After a pecan pie dessert, Miss V. pulled out the paintings.
Every last thing I’d seen in those woods was there on that table. I was smoothing out a painting of a rooster when I felt something. Another sheet was stuck to the painting.
Miss V. fetched me a carving knife to pry the pages loose.
What I saw sucked the wind right out of me.
Miss V.’s bright eyes stared back at me from the drawing of a girl who looked to be not two years younger than me. The girl’s hair was shiny and brown, parted to one side, and curled at her shoulders. That girl had Miss V.’s eyes, all right, but they were different, too. Those eyes looked like they’d never seen so much as a drop of sadness. That girl was smiling past the edge of the picture as if she was expecting something good right around the corner. She was standing next to a wavy-haired boy. He clutched a sketch pad to his chest and stared at the same spot outside the frame. A zinnia-speckled garden stood behind them. A tanager stretched its wings overhead.
There was a scribbled caption: FRIENDS.
Miss V. smoothed her fingers back and forth over that drawing. She stroked the lines of the girl’s hair and ran her fingers along her own hair.
Five minutes must have passed before she claimed it. “It’s me. Bob and me.”
We sat at the table for I don’t know how long. Miss V. stared at the painting, and I stared at Miss V. Both Miss V.’s. For all that had changed in Miss V., she still tipped her chin up at that same angle.

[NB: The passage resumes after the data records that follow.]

(* Let $A$ be an $m$-dimensional permutation array of size $n_1\times\cdots\times n_m$, index set $\Lambda=[n_1]\times\cdots\times[n_m]$, and order $n$. If $|\mathcal{H}_A|-|H_\Lambda|<n-1$, then there is an $n_1\times\cdots\times n_m$ window in the periodic extension of $A$ which has a repeated difference vector.
   Context: For $n\in\mathbb{N}$, $[n]=\{1,\dots,n\}$; $m\ge2$, all $n_i\ge2$. A binary array $A:\Lambda\to\{0,1\}$ is an $m$-dimensional permutation array if there exist $k$ with $1\le k<m$ and a bijection $\varphi:[n_1]\times\cdots\times[n_k]\to[n_{k+1}]\times\cdots\times[n_m]$ such that $A(a_1,\dots,a_m)=1$ iff $\varphi(a_1,\dots,a_k)=(a_{k+1},\dots,a_m)$; points with value 1 are dots; the order is $n=n_1\cdots n_k=n_{k+1}\cdots n_m$. The periodic extension $\mathbb{A}:\mathbb{Z}^m\to\{0,1\}$ is $\mathbb{A}(a_1,\dots,a_m)=A(a_1',\dots,a_m')$ with $a_i'\in[n_i]$, $a_i'\equiv a_i\pmod{n_i}$; an $n_1\times\cdots\times n_m$ window is the restriction of $\mathbb{A}$ to a box $\prod_i\{k_i,\dots,k_i+n_i-1\}$, $k_i\in\mathbb{Z}$. The difference vector from dot $(a_i)$ to a distinct dot $(w_i)$ is $\langle w_i-a_i\rangle_i\in\mathbb{Z}^m$, the toroidal vector is $\langle (w_i-a_i)\bmod n_i\rangle_i$; a window has a repeated difference vector if two distinct ordered pairs of distinct dots in it have the same difference vector. $\mathcal{H}_A$ is the multiset (counted with multiplicity over ordered pairs of distinct dots of $A$) of toroidal vectors $\langle h_1,\dots,h_m\rangle$ of $A$ with $h_i=n_i/2$ for some $i$. With $Z_1=\mathbb{Z}_{n_1}\times\cdots\times\mathbb{Z}_{n_k}$, $Z_2=\mathbb{Z}_{n_{k+1}}\times\cdots\times\mathbb{Z}_{n_m}$, $T_\Lambda=(Z_1\times Z_2)\setminus((Z_1\times\{0\})\cup(\{0\}\times Z_2))$ and $H_\Lambda=\{\langle h_1,\dots,h_m\rangle\in T_\Lambda: h_i=n_i/2\text{ for some }i\in[m]\}$ (a set). *)

(* Coordinates are 0-based: [n_i] = {1..n_i} is rendered as
   {0..n_i-1}; the shift is harmless (translation-invariant notions only). *)
From mathcomp Require Import all_boot all_order all_algebra.
Set Implicit Arguments. Unset Strict Implicit. Unset Printing Implicit Defensive.
Definition image_sub M N (h : dom M -> dom N) (eh : embedding h) : subuniverse N.
Proof.
refine (@MkSub A L N (fun y => exists x, h x = y) _).
move=> F a /choice [pre hpre]; exists (fint (s:=M) pre).
by rewrite (embedding_fint eh); congr fint; apply: functional_extensionality.
Defined.

Lemma isomorphic_image M N (h : dom M -> dom N) (eh : embedding h) :
  isomorphic M (induced (image_sub eh)).
Proof.
exists (fun x => exist (fun y => exists x, h x = y) (h x) (ex_intro _ x erefl)).
split; first exact: embedding_of_comp (embedding_val _) _.
by case=> y [x Hx]; exists x; exact: sig_eq.
Qed.

Lemma fin_gen_of_surj M N (h : dom M -> dom N) :
  preserves_fint h -> FinFun.Surjective h -> fin_gen M -> fin_gen N.
Proof.
move=> hF sh [l Hl]; exists (List.map h l) => y S HS HX.
case: (sh y) => x <-; apply: (Hl x (fun x => S (h x))).
  by move=> F a Ha; rewrite hF; exact: HS.
by move=> z Hz; apply: HX; exact: List.in_map.
Qed.

Lemma fin_gen_isomorphic M N : isomorphic M N -> fin_gen M -> fin_gen N.
Proof. by case=> h [eh sh]; apply: fin_gen_of_surj sh; exact: embedding_fint. Qed.

Lemma Age_of_embeds M N : embeds M N -> fin_gen M -> Age N M.
Proof.
case=> h eh fgM; exists (image_sub eh); split; last exact: isomorphic_image.
exact: fin_gen_isomorphic (isomorphic_image eh) fgM.
Qed.

Lemma embeds_of_Age N B : Age N B -> embeds B N.
Proof.
case=> S [_ /embeds_of_isomorphic iBS]; apply: embeds_trans iBS _.
by exists (fun x => proj1_sig x); exact: embedding_val.
Qed.

Lemma fin_gen_of_Age N B : Age N B -> fin_gen B.
Proof. by case=> S [fgS /isomorphic_sym SB]; exact: fin_gen_isomorphic SB fgS. Qed.

Lemma generated_fint N (X : dom N -> Prop) F (a : 'I_(farity F) -> dom N) :
  (forall i, generated X (a i)) -> generated X (fint (s:=N) a).
Proof. by move=> Ha S HS HX; apply: (HS) => i; exact: Ha i S HS HX. Qed.

Definition span N (X : dom N -> Prop) : subuniverse N :=
  @MkSub A L N (generated X) (@generated_fint N X).

Lemma generated_base N (X : dom N -> Prop) y : X y -> generated X y.
Proof. by move=> Xy S _; apply. Qed.

Lemma fin_gen_span N (l : list (dom N)) : fin_gen (induced (span (fun y => List.In y l))).
Proof.
pose X y := List.In y l.
have lift_list r : (forall y, List.In y r -> generated X y) ->
    exists r' : list (dom (induced (span X))), List.map (@proj1_sig _ _) r' = r.
  elim: r => [|a r IH] Hr; first by exists nil.
  have [r' <-] := IH (fun y Hy => Hr y (or_intror Hy)).
  by exists (exist _ a (Hr a (or_introl erefl)) :: r').
have [l' El] := lift_list l (fun y Hy => generated_base Hy).
exists l' => -[v Hv] S HS Hl'.
(* Induction on [generated X v], for every membership proof at once. *)
pose P w := generated X w /\ forall Hw, S (exist (generated X) w Hw).
suff : P v by case=> _; apply.
apply: Hv => [F a Ha|y Hy].
  split; first by apply: generated_fint => i; case: (Ha i).
  move=> Hv'; pose b i := exist (generated X) (a i) (proj1 (Ha i)).
  have -> : exist _ (fint (s:=N) a) Hv' = fint (s:=induced (span X)) b by exact: sig_eq.
  by apply: HS => i; exact: (proj2 (Ha i)).
split=> [|Hv']; first exact: generated_base.
rewrite -El in Hy; case/List.in_map_iff: Hy => z [Ez Hz].
by apply: Hl'; congr List.In: Hz; apply: sig_eq; rewrite Ez.
Qed.

Lemma embeds_into_span B N (h : dom B -> dom N) (l : list (dom B)) (X : dom N -> Prop) :
  embedding h -> (forall x, generated (fun y => List.In y l) x) ->
  (forall y, List.In y l -> X (h y)) -> embeds B (induced (span X)).
Proof.
move=> eh Hl HX.
have mem x : generated X (h x).
  apply: (Hl x (fun x => generated X (h x))) => [F a Ha|y Hy].
    by rewrite (embedding_fint eh); exact: generated_fint.
  by apply: generated_base; exact: HX.
exists (fun x => exist (generated X) (h x) (mem x)).
exact: embedding_of_comp (embedding_val _) _.
Qed.

End Embeddings.

Section Ages.
Variables (A : ULChain) (L : Lang) (K : Struc A L -> Prop).
Implicit Types M N B C U : Struc A L.

Lemma embeds_of_same_class_Age N B : same_class K (Age N) -> K B -> embeds B N.
Proof.
case=> KAge _ /KAge [C [/embeds_of_Age CN /embeds_of_isomorphic BC]].
exact: embeds_trans BC CN.
Qed.

Lemma in_class_of_embeds N B :
  same_class K (Age N) -> embeds B N -> fin_gen B -> in_class K B.
Proof.
move=> [_ AgeK] BN fgB; case: (AgeK B (Age_of_embeds BN fgB)) => C [KC BC].
by exists C.
Qed.

Lemma HP_of_same_class_Age N : same_class K (Age N) -> HP K.
Proof.
move=> KN B KB S fgS; apply: (in_class_of_embeds KN _ fgS).
apply: embeds_trans (embeds_of_same_class_Age KN KB).
by exists (fun x => proj1_sig x); exact: embedding_val.
Qed.

Lemma JEP_of_same_class_Age N :
  (forall B, K B -> fin_gen B) -> same_class K (Age N) -> JEP K.
Proof.
move=> Kfg KN B C KB KC.
have [[hB eB] [hC eC]] := (embeds_of_same_class_Age KN KB, embeds_of_same_class_Age KN KC).
have [[lB HB] [lC HC]] := (Kfg B KB, Kfg C KC).
pose X y := List.In y (List.map hB lB ++ List.map hC lC)%list.
have [D [KD /embeds_of_isomorphic XD]] : in_class K (induced (span X)).
  apply: (in_class_of_embeds KN _ (fin_gen_span _)).
  by exists (fun x => proj1_sig x); exact: embedding_val.
exists D; split=> //; split; apply: embeds_trans XD.
  by apply: (embeds_into_span eB HB) => y Hy; apply: List.in_or_app; left; exact: List.in_map.
by apply: (embeds_into_span eC HC) => y Hy; apply: List.in_or_app; right; exact: List.in_map.
Qed.

Lemma same_class_Age_intro N :
  (forall B, K B -> fin_gen B) -> (forall B, K B -> embeds B N) ->
  (forall B, Age N B -> in_class K B) -> same_class K (Age N).
Proof.
move=> Kfg KN AgeK; split=> // B KB.
by exists B; split; [exact: Age_of_embeds (KN B KB) (Kfg B KB) | exact: isomorphic_refl].
Qed.
Lemma StallerWins_union A B X D S : A \subset X -> B \subset X -> [disjoint A & B] ->
  (forall S, staller_won A S -> staller_won X S) ->
  (forall S, staller_won B S -> staller_won X S) ->
  X :\: (D :|: S) != set0 -> StallerWins A D S false -> StallerWins B D S false ->
  StallerWins X D S true.
Proof.
move=> sAX sBX dAB wonAX wonBX ne HA HB; apply: SW_dom => // v _.
have [vA | vA] := boolP (v \in A).
  apply: (StallerWins_widen (W := set0)) sBX _ (sub0set _) _ => [S' _|]; first exact: wonBX.
  by apply: StallerWins_addD_out HB; rewrite (disjointFr dAB vA).
apply: (StallerWins_widen (W := set0)) sAX _ (sub0set _) _ => [S' _|]; first exact: wonAX.
exact: StallerWins_addD_out HA.
Qed.

Lemma cnbh_sym x y : symmetric e -> (x \in cnbh e y) = (y \in cnbh e x).
Proof. by move=> sr; rewrite !inE eq_sym sr. Qed.

Lemma DomWins_not_StallerWins D S t : symmetric e -> [disjoint D & S] ->
  DomWins e D S t -> ~ StallerWins setT D S t.
Proof.
move=> sr + H; elim: H => {D S t} [D S t full dom | D S v vfree _ IH | D S nfull _ IH] dDS HS.
- have X0 : setT :\: (D :|: S) = set0 by rewrite full setDv.
  have /exists_inP [x _ sub] := StallerWins_stuck HS X0.
  have /exists_inP [y yD xy] := forallP dom x.
  have yS : y \in S by apply: (subsetP sub); rewrite in_setI in_setT andbT cnbh_sym.
  by rewrite (disjointFr dDS yD) in yS.
- have vS : v \notin S by move: vfree; rewrite inE negb_or => /andP [].
  apply: (IH (disjoint_setU1l dDS vS)).
  have [won | Hdom] := StallerWins_dom_inv HS; first exact: SW_end.
  by apply: Hdom; rewrite in_setD vfree in_setT.
- have dDvS v : v \notin D :|: S -> [disjoint D & v |: S].
    rewrite inE negb_or disjoint_sym => /andP [vD _].
    by apply: disjoint_setU1l; rewrite 1?disjoint_sym.
  have [won | [v vfree Hv]] := StallerWins_stall_inv HS.
    have /subsetPn [v _ vfree] : ~~ (setT \subset D :|: S) by rewrite subTset.
    apply: (IH v vfree (dDvS v vfree)); apply: SW_end.
    exact: staller_won_subset (subsetUr _ _) won.
  by rewrite in_setD in_setT andbT in vfree; apply: (IH v vfree (dDvS v vfree) Hv).
Qed.

End StallerGame.

Section PairVertices.
Variable T : eqType.
Implicit Types (P : seq (T * T)) (p q : T * T).

Definition pair_vertices P : seq T := flatten [seq [:: p.1; p.2] | p <- P].

Lemma pair_vertices_cat P1 P2 :
  pair_vertices (P1 ++ P2) = pair_vertices P1 ++ pair_vertices P2.
Proof. by rewrite /pair_vertices map_cat flatten_cat. Qed.

Lemma uniq_pair_vertices_neq P p : uniq (pair_vertices P) -> p \in P -> p.1 != p.2.
Proof.
elim: P => // a P IH; rewrite [pair_vertices _]/= cat_uniq => /and3P [ua _ uP].
by rewrite inE => /predU1P [-> | /IH ->]; rewrite // /= inE andbT in ua.
Qed.

Lemma uniq_pair_vertices_inj P p q x : uniq (pair_vertices P) -> p \in P -> q \in P ->
  x \in [:: p.1; p.2] -> x \in [:: q.1; q.2] -> p = q.
Proof.
elim: P => // a P IH; rewrite [pair_vertices _]/= cat_uniq => /and3P [_ /hasPn aP uP].
have notin r : r \in P -> x \in [:: r.1; r.2] -> x \notin [:: a.1; a.2].
  by move=> rP xr; apply: aP; apply/flatten_mapP; exists r.
move=> /predU1P [-> | pP] /predU1P [-> | qP] xp xq //.
- by have := notin q qP xq; rewrite xp.
- by have := notin p pP xp; rewrite xq.
- exact: IH.
Qed.

End PairVertices.

Section PairingStrategy.
Variable V : finType.
Variable e : rel V.
Variable P : seq (V * V).
Hypothesis P_pds : pairing_dominating_set e P.
Implicit Types (D S : {set V}) (p : V * V).

Definition pair_secured D S p := [|| p.1 \in D, p.2 \in D | (p.1 \notin S) && (p.2 \notin S)].

Definition pairs_secured D S := {in P, forall p, pair_secured D S p}.

Lemma pair_secured_mem D S p u : u \in [:: p.1; p.2] -> u \in D -> pair_secured D S p.
Proof. by move=> + uD; rewrite /pair_secured !inE => /orP [] /eqP <-; rewrite uD ?orbT. Qed.

Lemma pair_secured_addD D S p u : pair_secured D S p -> pair_secured (u |: D) S p.
Proof. by rewrite /pair_secured !inE => /or3P [] ->; rewrite ?orbT. Qed.

Lemma pair_secured_addS D S p v :
  v \notin [:: p.1; p.2] -> pair_secured D (v |: S) p = pair_secured D S p.
Proof.
by rewrite !inE negb_or /pair_secured !inE ![v == _]eq_sym => /andP [/negPf -> /negPf ->].
Qed.

Lemma pairs_secured_dominating D S :
  D :|: S = setT -> pairs_secured D S -> dominating e D.
Proof.
move=> full sec; apply/forallP=> x; have [p pP /andP [x1 x2]] := P_pds.2 x.
have p1DS : p.1 \in D :|: S by rewrite full inE.
move: (sec p pP) p1DS; rewrite /pair_secured inE => /or3P [p1D | p2D | /andP [/negPf -> _]].
- by move=> _; apply/exists_inP; exists p.1.
- by move=> _; apply/exists_inP; exists p.2.
- by rewrite orbF => p1D; apply/exists_inP; exists p.1.
Qed.

Lemma pairs_secured_response D S v : pairs_secured D S -> v \notin D :|: S ->
  pairs_secured D (v |: S) \/
  exists2 u, u \notin D :|: (v |: S) & pairs_secured (u |: D) (v |: S).
Proof.
move=> sec vfree; have uP := P_pds.1.
pose open p := [&& p \in P, v \in [:: p.1; p.2], p.1 \notin D & p.2 \notin D].
have [p /and4P [pP vp p1D p2D] | closed] := pickP open; last first.
  left=> q qP; have [vq | vq] := boolP (v \in [:: q.1; q.2]);
    last by rewrite pair_secured_addS ?sec.
  move: (closed q); rewrite /open qP vq /= => /negbT; rewrite negb_and !negbK.
  by case/orP=> qD; rewrite /pair_secured qD ?orbT.
have [p1S p2S] : p.1 \notin S /\ p.2 \notin S.
  by move: (sec p pP); rewrite /pair_secured (negPf p1D) (negPf p2D) => /andP.
have [u up uv] : exists2 u, u \in [:: p.1; p.2] & u != v.
  have p12 := uniq_pair_vertices_neq uP pP.
  case: (eqVneq p.1 v) => [e1 | n1]; [exists p.2 | exists p.1]; rewrite ?inE ?eqxx ?orbT //.
  by rewrite -e1 eq_sym.
right; exists u.
  by move: up; rewrite !inE !negb_or uv => /orP [] /eqP ->; rewrite ?p1D ?p2D ?p1S ?p2S.
move=> q qP; have [vq | vq] := boolP (v \in [:: q.1; q.2]).
  rewrite -(uniq_pair_vertices_inj uP pP qP vp vq).
  by apply: pair_secured_mem up _; rewrite setU11.
by rewrite pair_secured_addS // pair_secured_addD ?sec.
Qed.

Lemma pairs_secured_DomWins D S :
  pairs_secured D S -> DomWins e D S false /\ DomWins e D S true.
Proof.
have shrink (Y : {set V}) u : u \notin Y -> #|setT :\: (u |: Y)| < #|setT :\: Y|.
  by move=> uY; apply: card_setDU1_lt; rewrite in_setD uY in_setT.
have [n] := ubnP #|setT :\: (D :|: S)|; elim: n D S => // n IH D S /ltnSE size_lt sec.
have [full | nfull] := eqVneq (D :|: S) setT.
  by have dom := pairs_secured_dominating full sec; split; apply: DW_end.
split.
- apply: DW_stall nfull _ => v vfree.
  have lt_v : #|setT :\: (D :|: (v |: S))| < n.
    by rewrite setUCA; apply: leq_trans (shrink _ _ vfree) size_lt.
  have [secv | [u ufree secu]] := pairs_secured_response sec vfree.
    exact: (IH _ _ lt_v secv).2.
  have lt_u : #|setT :\: ((u |: D) :|: (v |: S))| < n.
    by rewrite -setUA; apply: ltn_trans (shrink _ _ ufree) lt_v.
  exact: DW_dom ufree (IH _ _ lt_u secu).1.
- have /subsetPn [v _ vfree] : ~~ (setT \subset D :|: S) by rewrite subTset.
  have lt_v : #|setT :\: ((v |: D) :|: S)| < n.
    by rewrite -setUA; apply: leq_trans (shrink _ _ vfree) size_lt.
  apply: DW_dom vfree (IH _ _ lt_v _).1.
  by move=> p pP; apply/pair_secured_addD/sec.
Qed.

Lemma pairing_dominating_set_outcome_D : outcome_D e.
Proof.
have sec0 : pairs_secured set0 set0 by move=> p _; rewrite /pair_secured !inE.
by have [] := pairs_secured_DomWins sec0; split.
Qed.

End PairingStrategy.

Section Dichotomy.
Variable V : finType.
Variable e : rel V.
Hypothesis sr : symmetric e.
Implicit Types (A B X S : {set V}) (P : seq (V * V)) (Y : seq V).

Definition pair_dominated P Y x :=
  has (fun p => (x \in cnbh e p.1) && (x \in cnbh e p.2)) P || has (fun y => x \in cnbh e y) Y.

(* [P] are the pairs and [Y] the unpaired vertices, each of which dominates its own
   closed neighbourhood. *)
Definition pairing_dom_on X P Y :=
  [/\ uniq (Y ++ pair_vertices P), {subset Y ++ pair_vertices P <= X} &
      {in X, forall x, pair_dominated P Y x}].

Definition pds_with X k := exists P Y, size Y <= k /\ pairing_dom_on X P Y.

Definition pds_dichotomy X :=
  (pds_with X 0 \/ StallerWins e X set0 set0 false) /\
  (pds_with X 1 \/ StallerWins e X set0 set0 true).

Lemma pds_with_mono X k l : k <= l -> pds_with X k -> pds_with X l.
Proof. by move=> kl [P [Y [Yk dom]]]; exists P, Y; split=> //; apply: leq_trans kl. Qed.

Lemma pds_with_union A B k l : [disjoint A & B] ->
  pds_with A k -> pds_with B l -> pds_with (A :|: B) (k + l).
Proof.
move=> dAB [PA [YA [YAk [uA sA dA]]]] [PB [YB [YBl [uB sB dB]]]].
exists (PA ++ PB), (YA ++ YB); split; first by rewrite size_cat leq_add.
have perm := permEl (perm_catACA YA YB (pair_vertices PA) (pair_vertices PB)).
rewrite /pairing_dom_on pair_vertices_cat; split.
- rewrite (perm_uniq perm) cat_uniq uA uB andbT.
  by apply/hasPn=> x /sB xB; apply/negP=> /sA xA; rewrite (disjointFr dAB xA) in xB.
- by move=> x; rewrite (perm_mem perm) mem_cat inE => /orP [/sA | /sB] ->; rewrite ?orbT.
- move=> x /setUP [/dA | /dB]; rewrite /pair_dominated !has_cat.
    by case/orP=> ->; rewrite ?orbT.
  by case/orP=> ->; rewrite ?orbT.
Qed.
Lemma full_path_src_eq p p' (i : 'I_n) :
  full_path p -> full_path p' ->
  (forall k : 'I_n, (k < i)%N -> lab C (p k) = lab C (p' k)) ->
  src C (p i) = src C (p' i).
Proof.
move=> [pl pt] [p'l p't]; move Hm: (nat_of_ord i) => m.
elim: m i Hm => [|m IH] i im lp.
  by rewrite (layer0_root wf (etrans (pl i) im)) (layer0_root wf (etrans (p'l i) im)).
have mn : (m < n)%N by have := ltn_ord i; lia.
have pm : p (Ordinal mn) = p' (Ordinal mn).
  apply: (arc_det wf); last by apply: lp; rewrite /=; lia.
  by apply: IH => // k km; apply: lp; lia.
by rewrite -(pt (Ordinal mn)) ?im // -(p't (Ordinal mn)) ?im // pm.
Qed.

End FullPaths.

Lemma equiv_full_path n (C D : bdd n) (p : 'I_n -> arc C) :
  (forall v, bdd_set C v <-> bdd_set D v) -> full_path p ->
  exists2 q : 'I_n -> arc D, full_path q & forall j, lab D (q j) = lab C (p j).
Proof. by move=> CD fp; apply/bdd_setP/CD/bdd_setP; exists p. Qed.

Section Merge.
Variables (n : nat) (C : bdd n) (s1 s2 : node C) (i : 'I_n).
Hypotheses (wf : bdd_wf C) (s12 : s1 != s2).
Hypotheses (ls1 : layer C s1 = i) (ls2 : layer C s2 = i).

Definition suffix_swap (s s' : node C) : Prop :=
  forall P, full_path P -> src C (P i) = s ->
  exists2 P', full_path P' &
    src C (P' i) = s' /\ forall j : 'I_n, (i <= j)%N -> lab C (P' j) = lab C (P j).

Definition on_full_path (s : node C) : Prop :=
  exists2 P, full_path P & src C (P i) = s.
(* Let $q\in\mathbb{C}$, $|q|<1$, $\mathbf{s}=(s_1,\dots,s_d)\in\mathbb{N}^d$ and $\mathbf{a}=(a_1,\dots,a_d)\in\mathbb{Z}_{\ge0}^d$ with $a_j\le s_j$ for all $j$, and put $w=s_1+\dots+s_d$. Let $$G(t)=\mathbf{R}^{s_1-a_1}\Big[\mathbf{P}^{a_1}\big[\mathbf{y}\,\mathbf{R}^{s_2-a_2}[\mathbf{P}^{a_2}[\mathbf{y}\cdots\mathbf{R}^{s_d-a_d}[\mathbf{P}^{a_d}[\mathbf{y}]]\cdots]]\big]\Big](t).$$ If $s_1+\dots+s_j>a_1+\dots+a_j$ for all $j=1,\dots,d$, then $\zeta_q^{\mathbf{s}-\mathbf{a}}[\mathbf{s}]=(1-q)^wG(1)$ and $\mathfrak{z}_q^{\mathbf{s}-\mathbf{a}}[\mathbf{s}]=G(1)$, where $\mathbf{s}-\mathbf{a}=(s_1-a_1,\dots,s_d-a_d)$.
   Context: $\mathfrak{z}_q^{\mathbf{t}}[\mathbf{s}]=\sum_{k_1>\dots>k_d>0}\prod_{j}\frac{q^{k_jt_j}}{(1-q^{k_j})^{s_j}}$ and $\zeta_q^{\mathbf{t}}[\mathbf{s}]=(1-q)^{|\mathbf{s}|}\mathfrak{z}_q^{\mathbf{t}}[\mathbf{s}]$. Operators on power series $f(t)$ without constant term in $t$: $\mathbf{P}[f](t)=\sum_{k\ge0}f(q^kt)$, $\mathbf{R}[f](t)=\sum_{k\ge1}f(q^kt)$, with $n$-fold compositions $\mathbf{P}^n,\mathbf{R}^n$; $\mathbf{y}$ denotes multiplication by $\mathbf{y}(t)=\frac{t}{1-t}$ (the innermost $\mathbf{y}$ being the function itself). $G(1)$ is the value at $t=1$. *)

From Stdlib Require Import Reals List Arith.
From Coquelicot Require Import Coquelicot.
Import ListNotations.
Open Scope C_scope.

(* Value of an infinite series of complex numbers sum_{n>=0} a n,
   taken componentwise via Coquelicot's Series (the limit of partial sums
   when it exists). *)
Definition Csum (a : nat -> C) : C :=
  (Series (fun n => Re (a n)), Series (fun n => Im (a n))).
(* Let $p$ be an odd prime, let $m,k$ be integers with $0<k\le\lfloor m/2\rfloor$ and $m/\gcd(m,k)$ odd, and put $l=\gcd(m,k)$. Let $\alpha\in\mathbb{F}_{p^l}$, $\alpha\neq 0$, be a non-square in $\mathbb{F}_{p^m}$, and let $\sigma(x)=x^{p^r}$ with $0\le r\le\lfloor m/2\rfloor$. With $x\circ_k y=x^{p^k}y+y^{p^k}x$, define on $\mathbb{F}_{p^m}^2$ the presemifield multiplication $(a,b)*(c,d)=(a\circ_k c+\alpha\,\sigma(b\circ_k d),\ ad+bc)$, let $L(a,b)=(a,b)*(1,0)=(a+a^{p^k},b)$ (an additive bijection of $\mathbb{F}_{p^m}^2$), and let $\mathbb{S}_{k,\sigma}=(\mathbb{F}_{p^m}^2,+,\star)$ be the semifield with multiplication defined by $L(x)\star L(y)=x*y$. Then: (1) if $\sigma$ is the identity, the middle nucleus $N_m(\mathbb{S}_{k,\sigma})$ is isomorphic to $\mathbb{F}_{p^{2l}}$; (2) if $\sigma$ is not the identity, the middle nucleus $N_m(\mathbb{S}_{k,\sigma})$ is isomorphic to $\mathbb{F}_{p^l}$.
   Context: The middle nucleus of a semifield $(\mathbb{S},+,\star)$ is $N_m(\mathbb{S})=\{a\in\mathbb{S}:(x\star a)\star y=x\star(a\star y)\text{ for all }x,y\in\mathbb{S}\}$; it is a finite field under the semifield operations. The multiplication $*$ defines a presemifield (distributive, no zero divisors), and $\star$ defines a (commutative) semifield with identity $L(1,0)$. *)

From HB Require Import structures.
From mathcomp Require Import all_boot all_order all_algebra all_field.
Set Implicit Arguments. Unset Strict Implicit. Unset Printing Implicit Defensive.
Import GRing.Theory.
Local Open Scope ring_scope.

I looked into the face of the boy in that painting. His eyes were the eyes of an artist, sizing things up, deciding what to put in his picture, what to leave out. He sure picked the right things about Miss V., the things that stood up over all those years.
There was one thing that didn’t make sense about that painting, though. It was like it was in a made-up world. Miss V. and the boy were standing side by side, but their shadows tilted toward each other, crossing just where the garden began. No real sunlight would put out shadows that way.
That’s when I knew: Only one color but not one size. Stuck at the bottom, yet easily flies.
“Look, Miss V.” I pointed. “A shadow. The answer to your riddle.”
She laughed. For three quick seconds, Miss V.’s face relaxed into the face of the girl in the painting. “That son of a gun.”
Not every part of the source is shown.